Selected by the photographer himself, Bailey’s Stardust (6 February – 1 June 2014) will be one of the Gallery’s largest scale photography exhibitions, with over 250 portraits.
One of the world’s most distinguished and distinctive photographers, David Bailey has made an outstanding contribution to the visual arts, creating consistently imaginative and thought-provoking portraits. As well as including new work, this exhibition contains a wide variety of Bailey’s photographs from a career that has spanned more than half a century.
The portraits have been personally selected by Bailey from the subjects and groups that he has captured over the last five decades: actors, writers, musicians, politicians, filmmakers, models, artists and people encountered on his travels; many of them famous, some unknown, all of them engaging and memorable. Bailey will be making new silver gelatin prints of his black-and-white portraits especially for the exhibition.
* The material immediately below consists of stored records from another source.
(* Let $d\ge2$ be even, let $K^\infty(t)=\frac{1}{2\pi}t(\pi-\arccos t)$, and for integers $k\ge0$ define $$a_k^d=V_d\int_{-1}^1K^\infty(t)\,P_{k,d}(t)\,(1-t^2)^{\frac{d-2}{2}}\,dt,\qquad V_d=\frac{\pi^{d/2}}{\Gamma(\frac d2+1)}.$$ Set $p=k+\frac{d-2}{2}$, $$C_1(d,k)=\frac{\pi^{d/2}}{d/2}\,\frac{(-1)^k}{2^k}\,\frac{1}{\Gamma(k+\frac d2)},\qquad C_2(q,d,k)=(-1)^q\binom{p}{q}\frac{(2q)!}{(2q-k)!}.$$ Then $$a_k^d=\begin{cases}C_1(d,0)\,\frac{1}{d\,2^{d+1}}\binom{d}{d/2}, & k=0,\\[2pt] C_1(d,1)\sum_{q=1}^{p}C_2(q,d,1)\,\frac{1}{2(2q+1)}, & k=1,\\[2pt] C_1(d,k)\sum_{q=\lceil k/2\rceil}^{p}C_2(q,d,k)\,\frac{1}{2(2q-k+2)}\Big(1-\frac{1}{2^{2q-k+2}}\binom{2q-k+2}{\frac{2q-k+2}{2}}\Big), & k\ge2\text{ even},\\[2pt] 0,& k\ge3\text{ odd}.\end{cases}$$
   Context: $P_{k,d}$ is the Gegenbauer polynomial (zonal harmonic of degree $k$ on $\mathbb{S}^d\subset\mathbb{R}^{d+1}$): $P_{k,d}(t)=\frac{(-1)^k}{2^k}\frac{\Gamma(\frac d2)}{\Gamma(k+\frac d2)}\frac{1}{(1-t^2)^{\frac{d-2}{2}}}\frac{d^k}{dt^k}(1-t^2)^{k+\frac{d-2}{2}}$. By the Funk–Hecke theorem, $a_k^d$ is (up to the fixed normalizing constant $V_d$, which is independent of $k$) the eigenvalue of convolution on $\mathbb{S}^d$ with $K^\infty$ on spherical harmonics of degree $k$. $\binom{p}{q}=0$ when $q>p$. *)

From Stdlib Require Import Reals Lra Lia Arith List.
Open Scope R_scope.

Definition Kinf (t : R) : R := / (2 * PI) * t * (PI - acos t).

Inductive nth_deriv : nat -> (R -> R) -> (R -> R) -> Prop :=
| nth_deriv_O : forall f, nth_deriv O f f
| nth_deriv_S : forall n f h g,
    (forall x, derivable_pt_lim f x (h x)) -> nth_deriv n h g ->
    nth_deriv (S n) f g.

(* sum_{i=a}^{b} f i  (empty if b < a) *)
Definition sumR (a b : nat) (f : nat -> R) : R :=
  fold_right Rplus 0 (map f (seq a (S b - a))).

(* For d even, d/2 is an integer, so Gamma(d/2+1) = (d/2)!,
   Gamma(d/2) = (d/2 - 1)!, Gamma(k + d/2) = (k + d/2 - 1)!. *)

Definition Vd (d : nat) : R := PI ^ (d / 2) / INR (fact (d / 2)).

(* The Gegenbauer polynomial P_{k,d}, given Dk = d^k/dt^k (1-t^2)^{k+(d-2)/2} *)
Definition Pkd (d k : nat) (Dk : R -> R) (t : R) : R :=
  (-1) ^ k / 2 ^ k * (INR (fact (d / 2 - 1)) / INR (fact (k + d / 2 - 1)))
  * / (1 - t ^ 2) ^ ((d - 2) / 2) * Dk t.

Definition akd_integrand (d k : nat) (Dk : R -> R) (t : R) : R :=
  Kinf t * Pkd d k Dk t * (1 - t ^ 2) ^ ((d - 2) / 2).

Definition pp (d k : nat) : nat := (k + (d - 2) / 2)%nat.

Definition C1 (d k : nat) : R :=
  PI ^ (d / 2) / INR (d / 2) * ((-1) ^ k / 2 ^ k) * / INR (fact (k + d / 2 - 1)).

Definition C2 (q d k : nat) : R :=
  (-1) ^ q * C (pp d k) q * (INR (fact (2 * q)) / INR (fact (2 * q - k))).

Definition akd_formula (d k : nat) : R :=
  if Nat.eqb k 0 then
    C1 d 0 * (/ (INR d * 2 ^ (d + 1))) * C d (d / 2)
  else if Nat.eqb k 1 then
    C1 d 1 * sumR 1 (pp d 1) (fun q => C2 q d 1 * / (2 * INR (2 * q + 1)))
  else if Nat.even k then
    C1 d k * sumR ((k + 1) / 2) (pp d k) (fun q =>
      C2 q d k * / (2 * INR (2 * q - k + 2)) *
      (1 - / 2 ^ (2 * q - k + 2) * C (2 * q - k + 2) ((2 * q - k + 2) / 2)))
  else 0.

From Pilot Require Import Defs.
From Stdlib Require Import Reals Lra Lia Arith List FunctionalExtensionality.
From Coquelicot Require Import Coquelicot.
Open Scope R_scope.

(* Expanding [(1 - t^2)^p] binomially, its [k]-th derivative is
   [sum_q (-1)^q C(p,q) (2q)!/(2q-k)! t^(2q-k)], and the weight [(1 - t^2)^((d-2)/2)] cancels the
   one in [P_{k,d}], so [a_k^d] is a binomial combination of the moments [int_{-1}^1 K(t) t^m dt].
   Under [t = cos th] one has [K(cos th) = (PI - th) cos th / (2 PI)], and one integration by parts
   of the affine factor turns the [m]-th moment into [(PI - W_(m+2)) / (2 PI (m+2))] with the
   Wallis integral [W_n = int_0^PI cos^n], which is [0] for [n] odd and [PI C(n, n/2) / 2^n] for
   [n] even; this gives the cases [k = 1] and [k] even ([k = 0] is the same computation applied to
   [(1 - t^2)^p] itself, with [sin] in place of [cos]). For odd [k >= 3] the [q]-th term is a
   polynomial of degree [k - 1 < p] in [q], which the alternating binomial sum of order [p]
   annihilates. *)

(** * Derivatives of (1 - t^2)^p *)

Fixpoint falling (n j : nat) : nat :=
  match j with O => 1%nat | S j => (falling n j * (n - j))%nat end.

Lemma falling_lt n j : (n < j)%nat -> falling n j = 0%nat.
Proof.
  induction j as [|j IH]; intros H; [lia|]. simpl.
  destruct (Nat.eq_dec n j) as [->|Hne].
  - rewrite Nat.sub_diag. lia.
  - rewrite IH by lia. lia.
Qed.

Lemma falling_S_INR n j : INR (falling n (S j)) = INR (falling n j) * (INR n - INR j).
Proof.
  simpl falling. rewrite mult_INR. destruct (le_lt_dec j n) as [H|H].
  - rewrite minus_INR by lia. reflexivity.
  - rewrite falling_lt by lia. simpl. ring.
Qed.

Lemma falling_fact n k : (k <= n)%nat -> INR (falling n k) = INR (fact n) / INR (fact (n - k)).
Proof.
  intros Hk. apply (Rmult_eq_reg_r (INR (fact (n - k)))); [|apply INR_fact_neq_0].
  unfold Rdiv. rewrite Rmult_assoc, Rinv_l, Rmult_1_r by apply INR_fact_neq_0.
  rewrite <- mult_INR. f_equal. induction k as [|k IH].
  - rewrite Nat.sub_0_r. simpl. lia.
  - replace (n - k)%nat with (S (n - S k)) in IH by lia. simpl falling.
    rewrite <- IH by lia. rewrite fact_simpl. replace (S (n - S k)) with (n - k)%nat by lia. ring.
Qed.
Lemma Psi_pos (X : R) : 0 < Psi X.
Proof. pose proof (Psi_ge_half X). lra. Qed.

Lemma Psi_lt (a b : R) : 0 <= a < b -> Psi a < Psi b.
Proof. intros H. unfold Psi. pose proof (sqrt_lt_1_alt a b H). lra. Qed.

Lemma Psi_le (a b : R) : 0 <= a <= b -> Psi a <= Psi b.
Proof. intros H. unfold Psi. pose proof (sqrt_le_1_alt a b ltac:(lra)). lra. Qed.

Lemma Psi_1 : Psi 1 = 1.
Proof. unfold Psi. rewrite sqrt_1. lra. Qed.

Lemma Psi_iter_S (k : nat) (x : R) : Psi_iter (S k) x = Psi (Psi_iter k x).
Proof. reflexivity. Qed.

Lemma Psi_iter_pos (k : nat) (x : R) : 0 < x -> 0 < Psi_iter k x.
Proof. destruct k; intros; [exact H | apply Psi_pos]. Qed.

Lemma Psi_iter_nonneg (k : nat) (x : R) : 0 <= x -> 0 <= Psi_iter k x.
Proof. destruct k; intros; [exact H | left; apply Psi_pos]. Qed.

Lemma Psi_iter_le (k : nat) (a b : R) : 0 <= a <= b -> Psi_iter k a <= Psi_iter k b.
Proof.
  intros H. induction k as [|k IH]; [simpl; lra|].
  rewrite !Psi_iter_S. apply Psi_le. split; [apply Psi_iter_nonneg|]; lra.
Qed.

Lemma Psi_iter_1 (k : nat) : Psi_iter k 1 = 1.
Proof. induction k as [|k IH]; [reflexivity|]. rewrite Psi_iter_S, IH. apply Psi_1. Qed.

Lemma phi_conj (t : R) : phi t = ln (Psi (exp t)).
Proof.
  unfold phi, Psi, cosh. rewrite sqrt_exp.
  pose proof (exp_pos (t / 4)). pose proof (exp_pos (- (t / 4))).
  rewrite <- (ln_exp (t / 4)) at 1. rewrite <- ln_mult by lra. f_equal.
  replace (exp (t / 2)) with (exp (t / 4) * exp (t / 4))
    by (rewrite <- exp_plus; f_equal; field).
  rewrite exp_Ropp. field. lra.
Qed.

Lemma phi_iter_conj (k : nat) (t : R) : phi_iter k t = ln (Psi_iter k (exp t)).
Proof.
  induction k as [|k IH]; [simpl; rewrite ln_exp; reflexivity|].
  change (phi (phi_iter k t) = ln (Psi (Psi_iter k (exp t)))).
  rewrite IH, phi_conj, exp_ln by (apply Psi_iter_pos, exp_pos). reflexivity.
Qed.
(* (a) Fix an input distribution $p\in\Delta_m$ and define, for $P$ in the set $\Delta_{n\times m}$ of $n\times m$ nonnegative matrices with entries summing to $1$, $$I_c(P)=\sum_{j=1}^m\sum_{i=1}^nP_{ij}\log\Big(\frac{P_{ij}}{\sum_{k=1}^m p_jP_{ik}}\Big).$$ Then $I_c$ is $1$-smooth relative to the negative Shannon entropy $-H$ on $\Delta_{n\times m}$. (b) Fix an input state $\rho_A\in\mathcal{D}(\mathcal{H}_A)$ and define, for $\rho_{BR}\in\mathcal{D}(\mathcal{H}_B\otimes\mathcal{H}_R)$, $$I_q(\rho_{BR})=S(\rho_A)+S(\operatorname{tr}_R(\rho_{BR}))-S(\rho_{BR}).$$ Then $I_q$ is $1$-smooth relative to the negative von Neumann entropy $-S$ on $\mathcal{D}(\mathcal{H}_B\otimes\mathcal{H}_R)$.
   Context: $H(x)=-\sum_i x_i\log x_i$ (applied entrywise to matrices); $S(\rho)=-\operatorname{tr}[\rho\log\rho]$; $\mathcal{D}(\cdot)$ denotes density matrices and $\operatorname{tr}_R$ the partial trace over $\mathcal{H}_R$. A function $f$ is $L$-smooth relative to a Legendre function $\varphi$ on a convex set $\mathcal{C}$ if $L\varphi-f$ is convex on the relative interior of $\mathcal{C}$. *)

From HB Require Import structures.
From mathcomp Require Import all_boot all_order all_algebra.
From mathcomp Require Import classical_sets reals exp.
From mathcomp Require Import complex mxtens.
Set Implicit Arguments. Unset Strict Implicit. Unset Printing Implicit Defensive.
Import Order.TTheory GRing.Theory Num.Theory Num.Def.
Local Open Scope ring_scope.
Local Open Scope classical_set_scope.

(* V is a vector space over K; real scalars act through emb : R -> K
   (emb = id for real spaces, emb = (fun t => t%:C) for complex spaces). *)

Definition convex_on (R : realType) (K : pzRingType) (V : lmodType K)
    (emb : R -> K) (S : set V) (g : V -> R) : Prop :=
  forall x y, S x -> S y -> forall t : R, 0 <= t -> t <= 1 ->
    g (emb t *: x + emb (1 - t) *: y) <= t * g x + (1 - t) * g y.

(* relative interior of a convex set C (Rockafellar, Thm 6.4):
   x in C such that every segment [y, x] in C can be prolonged beyond x in C *)
Definition relint (R : realType) (K : pzRingType) (V : lmodType K)
    (emb : R -> K) (C : set V) : set V :=
  [set x | C x /\ forall y, C y -> exists2 e : R, 0 < e & C (x + emb e *: (x - y))].

Definition rel_smooth (R : realType) (K : pzRingType) (V : lmodType K)
    (emb : R -> K) (L : R) (phi f : V -> R) (C : set V) : Prop :=
  convex_on emb (relint emb C) (fun x => L * phi x - f x).

Definition prob_vec (R : realType) (m : nat) : set 'rV[R]_m :=
  [set p | (forall j, 0 <= p ord0 j) /\ \sum_(j < m) p ord0 j = 1].

Definition prob_mx (R : realType) (n m : nat) : set 'M[R]_(n, m) :=
  [set P | (forall i j, 0 <= P i j) /\ \sum_(i < n) \sum_(j < m) P i j = 1].

Definition shannonH (R : realType) (n m : nat) (P : 'M[R]_(n, m)) : R :=
  - \sum_(i < n) \sum_(j < m) P i j * ln (P i j).

Definition Ic (R : realType) (n m : nat) (p : 'rV[R]_m) (P : 'M[R]_(n, m)) : R :=
  \sum_(j < m) \sum_(i < n)
     P i j * ln (P i j / \sum_(k < m) p ord0 j * P i k).

Local Open Scope complex_scope.

Definition cplx (R : realType) (t : R) : R[i] := t%:C.

Definition density (R : realType) (N : nat) : set 'M[R[i]]_N :=
  [set rho | (map_mx conjC rho)^T = rho
           /\ (forall v : 'rV[R[i]]_N, 0 <= (v *m rho *m (map_mx conjC v)^T) ord0 ord0)
           /\ \tr rho = 1].

(* matrix logarithm via the spectral decomposition rho = U^-1 diag(l) U
   (log applied to the (real) eigenvalues; convention log 0 = 0 of ln) *)
Definition mxlog (R : realType) (N : nat) (rho : 'M[R[i]]_N) : 'M[R[i]]_N :=
  invmx (spectralmx rho)
    *m diag_mx (\row_j ((ln (complex.Re (spectral_diag rho ord0 j)))%:C))
    *m spectralmx rho.

Definition vnS (R : realType) (N : nat) (rho : 'M[R[i]]_N) : R :=
  - complex.Re (\tr (rho *m mxlog rho)).

(* partial trace over H_R of an operator on H_B (x) H_R; the index of
   H_B (x) H_R is encoded by mxtens_index (same convention as tensmx) *)
Definition ptraceR (R : realType) (b r : nat) (rho : 'M[R[i]]_(b * r)) : 'M[R[i]]_b :=
  \matrix_(i, i') \sum_(k < r) rho (mxtens_index (i, k)) (mxtens_index (i', k)).

Definition Iq (R : realType) (a b r : nat) (rhoA : 'M[R[i]]_a)
    (rho : 'M[R[i]]_(b * r)) : R :=
  vnS rhoA + vnS (ptraceR rho) - vnS rho.

From HB Require Import structures.
From mathcomp Require Import all_boot all_order all_algebra.
From mathcomp Require Import classical_sets reals exp.
From mathcomp Require Import complex mxtens.
From mathcomp Require Import ring lra.
Set Implicit Arguments.
Unset Strict Implicit.
Unset Printing Implicit Defensive.
Import Order.TTheory GRing.Theory Num.Theory Num.Def.
Local Open Scope ring_scope.
Local Open Scope classical_set_scope.
Local Open Scope sesquilinear_scope.

(* On strictly positive matrices with row sums [r_i], the gap
   [-H(P) - I_c(P)] equals
     [sum_i (sum_(p_j > 0) P_ij log p_j + sum_(p_j = 0) P_ij log (P_ij / r_i) + r_i log r_i)],
   a linear term plus perspectives of [x log x] plus [x log x] of a linear map;
   all of these are convex by the log-sum inequality, and the relative interior
   of the simplex consists of strictly positive matrices.
   Part (b).  [-S(rho) - I_q(rho) = -S(rho_A) - S(tr_R rho)], so it suffices that
   [tr_R] is linear and positive and that [S] is concave.  For a mixture
   [M = t X + (1 - t) Y] with eigenbasis [U], the eigenvalues of [M] are the
   diagonal of [U M U^*], which is linear in [M]; and for any unitary [V] the
   diagonal of [V X V^*] is the image of the spectrum of [X] under the doubly
   stochastic matrix [|V U_X^*|^2], so by Jensen's inequality for [x log x] its
   Shannon entropy is at least [S(X)]. *)

Lemma convex_on_subset (R : realType) (K : pzRingType) (V : lmodType K) (emb : R -> K)
    (S S' : set V) (g : V -> R) :
  S' `<=` S -> convex_on emb S g -> convex_on emb S' g.
Proof. by move=> S'S g_cvx x y /S'S Sx /S'S Sy; apply: g_cvx. Qed.

Section EntropyFunctions.
Variable R : realType.
Implicit Types a b t x : R.

Definition xlnx x := x * ln x.

Definition relent a b := a * ln (a / b).

Lemma relent1 a : relent a 1 = xlnx a.
Proof. by rewrite /relent divr1. Qed.

Lemma relentZ t a b : 0 <= t -> relent (t * a) (t * b) = t * relent a b.
Proof.
rewrite le_eqVlt => /orP[/eqP<-|t_gt0]; first by rewrite /relent !mul0r.
by rewrite /relent invfM mulrACA divff ?gt_eqF // mul1r mulrA.
Qed.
Bailey’s Stardust is structured thematically, with iconic images presented alongside many lesser-known portraits, its title reflecting the notion that we are all made from, and return to, ‘stardust’. Portraits of a wide range of sitters – from the glamorous to the impoverished, the famous to the notorious – are presented in a series of contrasting rooms, and through images of skulls and pregnancy, powerful meditations on birth and death.
There’s rooms devoted to Bailey’s travels in Australia, Delhi and the Naga Hills as well as icons from the worlds of fashion and the arts, and people of the East End of London. There will be selections from two of Bailey’s most acclaimed bodies of work: the Box of Pin-Ups, which helped define the 1960s through arresting studies of key figures, and Bailey’s Democracy, in which people visiting his studio were asked if they would agree to be photographed naked.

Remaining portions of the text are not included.